Yes you can say that.
小三百 means at the low end of 3xx.


----------



## hx1997

Although my understanding is the same as ovaltine888's, I found that the dictionaries say this use of 小 means "slightly less than; nearly".


----------



## ovaltine888

I believe 小三百 is a dialectal usage. Not sure about the exact sense of it. Maybe my understanding is wrong.

Personally I would only use 小几百 which means some hundred less than 500.


----------



## retrogradedwithwind

小三百是少于三百但接近三百了，比如二百七八十。

没有大三百这个说法。

一般说“大几百”“大几千”等等。还有比如“一千大几”，意思是“一千+大几百”。

有“小几百”“小几千”的说法。

几百，是3百到9百。如果再细分一下就有小几百和大几百了。


----------



## yuechu

retrogradedwithwind said:


> 小三百是少于三百但接近三百了，比如二百七八十。
> 
> 没有大三百这个说法。
> 
> 一般说“大几百”“大几千”等等。还有比如“一千大几”，意思是“一千+大几百”。
> 
> 有“小几百”“小几千”的说法。
> 
> 几百，是3百到9百。如果再细分一下就有小几百和大几百了。


Thanks for your detailed explanation, Retrogradedwithwind! There are many possibilities in Chinese when talking about numbers. 

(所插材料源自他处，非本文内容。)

(* Let $G$ be a connected graph with no Hamiltonian path, and let $T$ be a spanning tree of $G$ satisfying (C1) and (C2). Let $b,r\in B(T)$ be such that $V(P_T[b,r])\cap B(T)=\{b,r\}$, orient $P_T[b,r]$ from $b$ to $r$, and let $s\in L(T)$. If $sx\in E(G)$ for some $x\in V(P_T[b,r])\setminus\{b\}$, then $sx^-\notin E(G)$, where $x^-$ is the predecessor of $x$ on $P_T[b,r]$.
   Context: All graphs are finite and simple. For a tree $T$, $L(T)$ is the set of leaves (degree-one vertices) and $B(T)$ the set of branch vertices (degree at least three); $P_T[u,v]$ is the unique path in $T$ between $u$ and $v$. Since $G$ has no Hamiltonian path, every spanning tree of $G$ has a branch vertex. Reducible stem: for a tree $T$ with $B(T)\neq\emptyset$ and each leaf $x\in L(T)$, let $y_x\in B(T)$ be the branch vertex such that the path $P_T[x,y_x]$ contains no branch vertex other than $y_x$; deleting $V(P_T[x,y_x])\setminus\{y_x\}$ from $T$ for all $x\in L(T)$ yields a subtree $R\_Stem(T)$. Condition (C1): $|L(T)|$ is minimum among all spanning trees of $G$. Condition (C2): subject to (C1), $|V(R\_Stem(T))|$ is maximum. *)

(* finite simple graphs as symmetric irreflexive relations. *)
From mathcomp Require Import all_boot.
From mathcomp Require Import boolp.
Set Implicit Arguments. Unset Strict Implicit. Unset Printing Implicit Defensive.

Section Graphs.
Variable V : finType.

Definition connected_graph (G : rel V) : Prop := forall x y, connect G x y.

Definition has_ham_path (G : rel V) : Prop :=
  exists x (p : seq V), [/\ path G x p, uniq (x :: p) & forall v, v \in x :: p].

Definition acyclic (T : rel V) : Prop :=
  forall c : seq V, uniq c -> 3 <= size c -> ~~ cycle T c.

Definition spanning_tree (G T : rel V) : Prop :=
  [/\ symmetric T, subrel T G, connected_graph T & acyclic T].

Definition deg (T : rel V) (x : V) : nat := #|[set y | T x y]|.
Definition leaf (T : rel V) (x : V) : bool := deg T x == 1.
Definition branch (T : rel V) (x : V) : bool := 3 <= deg T x.
Definition nleaves (T : rel V) : nat := #|[set x | leaf T x]|.

(* u :: p is the vertex sequence of a path of T from u to v
   (in a tree this is the unique path P_T[u,v]) *)
Definition is_tpath (T : rel V) (u v : V) (p : seq V) : bool :=
  [&& path T u p, last u p == v & uniq (u :: p)].

(* v is deleted when forming R_Stem(T): v lies on P_T[x, y_x] minus y_x for
   some leaf x, where y_x is a branch vertex and P_T[x,y_x] has no branch
   vertex other than y_x.  belast x p = vertices of the path except y. *)
Definition stem_removed (T : rel V) (v : V) : Prop :=
  exists x y (p : seq V),
    [/\ leaf T x, branch T y, is_tpath T x y p,
        all (fun w => ~~ branch T w) (belast x p) & v \in belast x p].

Definition rstem_card (T : rel V) : nat :=
  #|[set v | `[< ~ stem_removed T v >]]|.

Definition C1 (G T : rel V) : Prop :=
  forall T', spanning_tree G T' -> nleaves T <= nleaves T'.

Definition C2 (G T : rel V) : Prop :=
  forall T', spanning_tree G T' -> nleaves T' = nleaves T ->
    rstem_card T' <= rstem_card T.

End Graphs.

From mathcomp Require Import all_boot.
From mathcomp Require Import boolp zify.
Set Implicit Arguments. Unset Strict Implicit. Unset Printing Implicit Defensive.

(* Suppose s is adjacent in G to both u = x^- and v = x, and let w be the
   neighbour of s in T.  Exchanging the tree edges sw and uv for su and sv
   yields a spanning tree T' of G in which s has degree 2, w has lost one
   degree, and every other degree is unchanged.  If deg_T w <> 2, then T' has
   fewer leaves than T, contradicting (C1).  If deg_T w = 2, then T' has as
   many leaves and the same branch vertices as T.  The vertex s together with
   the non-branch vertices of P_T[b,r] contains no leaf of T' and is left only
   through branch vertices, so no T'-stem meets it; every T'-stem is then a
   T-stem, or a T-stem minus s when it starts at w.  Since s itself lies on a
   T-stem, R_Stem(T') is strictly larger than R_Stem(T), contradicting (C2). *)

Section StemFacts.
Variables (V : finType) (T : rel V).

Lemma leaf_not_branch x : leaf T x -> ~~ branch T x.
Proof. by rewrite /leaf /branch => /eqP ->. Qed.

Lemma leaf_of_unique_nbr s w : (forall y, T s y = (y == w)) -> leaf T s.
Proof.
move=> s_nbr; rewrite /leaf /deg (_ : [set z | T s z] = [set w]) ?cards1 //.
by apply/setP => z; rewrite !inE s_nbr.
Qed.

Lemma nbrs_deg2 y a c : ~~ branch T y -> T y a -> T y c -> a != c ->
  [set z | T y z] = [set a; c].
Proof.
rewrite /branch /deg -ltnNge ltnS => degy ya yc ac.
apply/esym/eqP; rewrite eqEcard cards2 ac (leq_trans degy) // andbT.
by apply/subsetP => z; rewrite !inE => /orP[] /eqP ->.
Qed.

Lemma leaf_stem_removed s b :
  connected_graph T -> branch T b -> leaf T s -> stem_removed T s.
Proof.
move=> Tconn bb ls; have sNb := leaf_not_branch ls.
case/connectP: (Tconn s b) => q0 q0P bE; rewrite bE in bb.
case/shortenP: q0P bb => q qP uq _ bb.
have hasb : has (branch T) q.
  apply/hasP; exists (last s q) => //.
  by move: (mem_last s q); rewrite inE; case: eqP bb sNb => // -> ->.
have jq : find (branch T) q < size q by rewrite -has_find.
set j := find (branch T) q in jq *.
exists s, (nth s q j), (take j.+1 q).
rewrite (take_nth s jq) belast_rcons /is_tpath last_rcons eqxx -(take_nth s jq).
split=> //.
- exact: nth_find.
- by rewrite take_path //=; have := take_uniq j.+2 uq.
- apply/andP; split=> //; apply/allP => z /(nthP s) [k]; rewrite size_take jq => kj <-.
  by rewrite nth_take // before_find.
- exact: mem_head.
Qed.

Lemma rstem_card_lt T' s :
  (forall y, stem_removed T' y -> stem_removed T y) ->
  stem_removed T s -> ~ stem_removed T' s -> rstem_card T < rstem_card T'.
Proof.
move=> T'T Ts T's; apply: proper_card; apply/properP; split.
  by apply/subsetP => y; rewrite !inE => /asboolP yT; apply/asboolP => /T'T.
by exists s; rewrite !inE; apply/asboolP.
Qed.

End StemFacts.

Section LeafSwap.
Variables (V : finType) (T : rel V) (s w u v : V).
Hypotheses (Tsym : symmetric T) (Tirr : irreflexive T).
Hypothesis s_nbr : forall y, T s y = (y == w).
Hypotheses (Tuv : T u v) (us : u != s) (vs : v != s).

Let s_leaf : leaf T s := leaf_of_unique_nbr s_nbr.

Definition leaf_swap : rel V := fun y z =>
  if y == s then (z == u) || (z == v)
  else if z == s then (y == u) || (y == v)
  else T y z && ~~ ((y == u) && (z == v) || (y == v) && (z == u)).

Local Notation T' := leaf_swap.

Lemma leaf_swap_s z : T' s z = (z == u) || (z == v).
Proof. by rewrite /T' eqxx. Qed.

Lemma leaf_swap_sym : symmetric T'.
Proof.
move=> y z; rewrite /T'.
have [-> | _] := eqVneq y s; have [zs | _] := eqVneq z s; rewrite ?zs //.
by rewrite Tsym orbC (andbC (y == v)) (andbC (y == u)).
Qed.

Lemma leaf_swap_sub : {in predC1 s &, subrel T' T}.
Proof. by move=> y z /= /negbTE ys /negbTE zs; rewrite /T' ys zs => /andP[]. Qed.

Lemma leaf_swap_subrel (G : rel V) :
  symmetric G -> subrel T G -> G s u -> G s v -> subrel T' G.
Proof.
move=> Gsym TG Gsu Gsv y z; rewrite /T'.
case: (y =P s) => [->|_]; first by case/orP=> /eqP ->.
case: (z =P s) => [->|_]; first by case/orP=> /eqP ->; rewrite Gsym.
by case/andP=> /TG.
Qed.

Lemma connect_leaf_swap_uv : connect T' u v.
Proof.
apply: (@connect_trans _ _ s); apply: connect1; last by rewrite leaf_swap_s eqxx orbT.
by rewrite leaf_swap_sym leaf_swap_s eqxx.
Qed.

Lemma connect_leaf_swap_edge y z : y != s -> z != s -> T y z -> connect T' y z.
Proof.
move=> ys zs yz.
have [/orP[]/andP[/eqP-> /eqP->] | keep] :=
  boolP ((y == u) && (z == v) || (y == v) && (z == u)).
- exact: connect_leaf_swap_uv.
- by rewrite (sym_connect_sym leaf_swap_sym) connect_leaf_swap_uv.
by apply: connect1; rewrite /T' (negbTE ys) (negbTE zs) yz keep.
Qed.

Lemma leaf_notin_uniq_path x q : path T x q -> uniq (x :: q) ->
  last x q != s -> s \notin q.
Proof.
move=> xq uxq sl; apply/negP => sq.
case/splitPr: sq xq uxq sl => q1 [|c q2]; rewrite last_cat ?eqxx // => + + _.
rewrite -cat_cons cat_uniq cat_path /= Tsym !s_nbr => /and4P[_ /eqP pw /eqP cw _].
by case/and3P=> _ /negP []; rewrite cw -pw mem_last orbT.
Qed.

Lemma leaf_swap_connected : connected_graph T -> connected_graph T'.
Proof.
move=> Tconn.
pose Tnos := [rel y z | [&& y != s, z != s & T y z]].
have TnosT' : subrel Tnos (connect T').
  by move=> y z /and3P[]; apply: connect_leaf_swap_edge.
have uy y : connect T' u y.
  have [->|ys] := eqVneq y s.
    by apply: connect1; rewrite leaf_swap_sym leaf_swap_s eqxx.
  case/connectP: (Tconn u y) => q0 q0P yE; rewrite yE in ys *.
  case/shortenP: q0P ys => q qP uq _ ys.
  have qs := leaf_notin_uniq_path qP uq ys.
  apply: (connect_sub TnosT'); apply/connectP; exists q => //.
  apply: (@sub_in_path _ (predC1 s)) qP; first by move=> y1 z1 /= *; apply/and3P.
  by rewrite /= us; apply/allP => z zq; apply: contraNneq qs => <-.
by move=> y z; apply: connect_trans (uy z); rewrite (sym_connect_sym leaf_swap_sym).
Qed.

Lemma leaf_swap_pair y z : y != s -> z != s -> T' s y -> T' s z -> y != z ->
  (y == u) && (z == v) || (y == v) && (z == u).
Proof.
move=> ys zs; rewrite !leaf_swap_s.
by case/orP=> /eqP -> /orP[]/eqP ->; rewrite ?eqxx //= ?andbT ?orbT.
Qed.

Lemma leaf_swap_acyclic : acyclic T -> acyclic T'.
Proof.
move=> Tacyc cy ucy cy3; apply/negP => ccy.
have [scy|sNcy] := boolP (s \in cy); last first.
  apply: (negP (Tacyc cy ucy cy3)); apply: (sub_in_cycle leaf_swap_sub) ccy.
  by apply/allP => y yc; apply: contraNneq sNcy => <-.
have [k q ec] := rot_to scy.
have : cycle T' (s :: q) by rewrite -ec rot_cycle.
have : uniq (s :: q) by rewrite -ec rot_uniq.
have : 3 <= size (s :: q) by rewrite -ec size_rot.
case: q {ec} => [|a [|c q]] // _ /andP[sNq uq].
rewrite /cycle rcons_path => /andP[/andP[s_a aq] z_s].
set z := last a (c :: q) in z_s.
have qNs : all (predC1 s) (a :: c :: q).
  by apply/allP => y yq; apply: contraNneq sNq => <-.
have /and3P[as_ cs _] := qNs.
have zq : z \in c :: q := mem_last c q.
have zs : z != s by apply: (allP qNs); rewrite inE zq orbT.
have az : a != z by apply: contraNneq (andP uq).1 => ->.
have sz : T' s z by rewrite leaf_swap_sym.
have key := leaf_swap_pair as_ zs s_a sz az.
have q0 : q != [::].
  apply/eqP => q0; move: key aq; rewrite /z q0 /= andbT /T'.
  by rewrite (negbTE as_) (negbTE cs) => ->; rewrite andbF.
have Tza : T z a.
  by case/orP: key => /andP[/eqP-> /eqP->]; rewrite // Tsym.
have Taq : path T a (c :: q) := sub_in_path leaf_swap_sub qNs aq.
have c3 : 3 <= size (a :: c :: q) by case: (q) q0.
apply: (negP (Tacyc (a :: c :: q) uq c3)).
by rewrite /cycle rcons_path Taq.
Qed.

Lemma leaf_swap_nbrs y : y != s ->
  #|[set z | T' y z]| = #|[set z | T y z] :\ s|.
Proof.
move=> ys; have T'y z : z != s ->
    T' y z = T y z && ~~ ((y == u) && (z == v) || (y == v) && (z == u)).
  by move=> zs; rewrite /T' (negbTE ys) (negbTE zs).
have [yuv | yNuv] := boolP ((y == u) || (y == v)); last first.
  apply: eq_card => z; rewrite !inE.
  have [-> | zs] := eqVneq z s; first by rewrite /T' (negbTE ys) eqxx (negbTE yNuv).
  by rewrite T'y //; case/norP: yNuv => /negbTE -> /negbTE ->; rewrite andbT.
have [y' [y's Tyy' T'yE]] : exists y', [/\ y' != s, T y y' &
    forall z, z != s -> T' y z = T y z && (z != y')].
  have uv : (u == v) = false by apply: contraTF Tuv => /eqP ->; rewrite Tirr.
  case/orP: yuv => /eqP yE; [exists v | exists u]; rewrite yE in T'y *; split=> //.
  - by move=> z zs; rewrite T'y // eqxx uv orbF.
  - by rewrite Tsym.
  - by move=> z zs; rewrite T'y // eqxx eq_sym uv.
rewrite (cardsD1 s [set z | T' y z]) inE {1}/T' (negbTE ys) eqxx yuv.
rewrite (cardsD1 y' ([set z | T y z] :\ s)) !inE y's Tyy'.
congr (1 + _); apply: eq_card => z; rewrite !inE.
by have [-> | zs] := eqVneq z s; rewrite ?andbF //= T'yE // andbC.
Qed.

Thanks to everyone else too for your replies!


----------



## henter

最好别用*小三百这个说法。这个基本不用。 我都没听说过。估计是地方方言。我都不确定*


----------



## henter

retrogradedwithwind said:


> 小三百是少于三百但接近三百了，比如二百七八十。
> 
> 没有大三百这个说法。
> 
> 一般说“大几百”“大几千”等等。还有比如“一千大几”，意思是“一千+大几百”。
> 
> 有“小几百”“小几千”的说法。
> 
> 几百，是3百到9百。如果再细分一下就有小几百和大几百了。


这里直接改成但是我一打听一节课至少要*三百比较好*


----------



## henter

ovaltine888 said:


> I believe 小三百 is a dialectal usage. Not sure about the exact sense of it. Maybe my understanding is wrong.
> 
> Personally I would only use 小几百 which means some hundred less than 500.


我也觉得基本没有人这样用。这是电视剧台词。 也许编剧喜欢这样用。


----------



## Kimmi G

henter said:


> 我也觉得基本没有人这样用。这是电视剧台词。 也许编剧喜欢这样用。



我在上海，我们这儿有这么说的，比较常听到~


----------



## SuperXW

北京会用这说法，这是很贴近生活的口语化台词。我一直以来的理解也是less than 300……你们说300-350，我还以为理解错了……看来还是有很多人跟我理解一样啊……


----------



## Jake_Chan

yuechu said:


> 但是我一打听一节课要*小三百*，太黑了，比择数还贵。


This sentence sounds a bit odd to me because it is not logical.

When I saw *小*三百，I thought the speaker was going to convey a message that the tuition fee was a small amount for her. But then she said it was too expensive.

Where I live, we use 小几百/小几千 to mean the amount of money is reasonable and we can afford it whereas 大几百/大几千 means that it is quite a large amount.


----------



## SuperXW

Jake_Chan said:


> This sentence sounds a bit odd to me because it is not logical.
> 
> When I saw *小*三百，I thought the speaker was going to convey a message that the tuition fee was a small amount for her. But then she said it was too expensive.
> 
> Where I live, we use 小几百/小几千 to mean the amount of money is reasonable and we can afford it whereas 大几百/大几千 means that it is quite a large amount.


Apparently this usage means different in different regions. Could be seen as dialectical.
In the TV drama, I believe, 小三百 means 将近三百 and is idiomatical at least in 北京.


----------



## Jake_Chan

SuperXW said:


> Apparently this usage means different in different regions. Could be seen as dialectical.


Sometimes it's interesting to see that the meaning of the same expression varies from region to region.


SuperXW said:


> In the TV drama, I believe, 小三百 means 将近三百 and is idiomatical at least in 北京.


The sentence makes sense to me now


----------



## henter

SuperXW said:


> Apparently this usage means different in different regions. Could be seen as dialectical.
> In the TV drama, I believe, 小三百 means 将近三百 and is idiomatical at least in 北京.


oh. Thanks for the tip. 我也是北方的，但是没用过这个表达方式。


----------



## gonecar

SuperXW said:


> 北京会用这说法，这是很贴近生活的口语化台词。我一直以来的理解也是less than 300……你们说300-350，我还以为理解错了……看来还是有很多人跟我理解一样啊……


北京人确有这个说法。
Example (to offer drinks at the tables):

A: 喝点儿吗？喝我就给你倒。
B: 喝！小半杯。


----------



## Ruiii

I must say that I didn't know the precise meaning as a native Chinese. Maybe that's because it's from the Northern dialect.


----------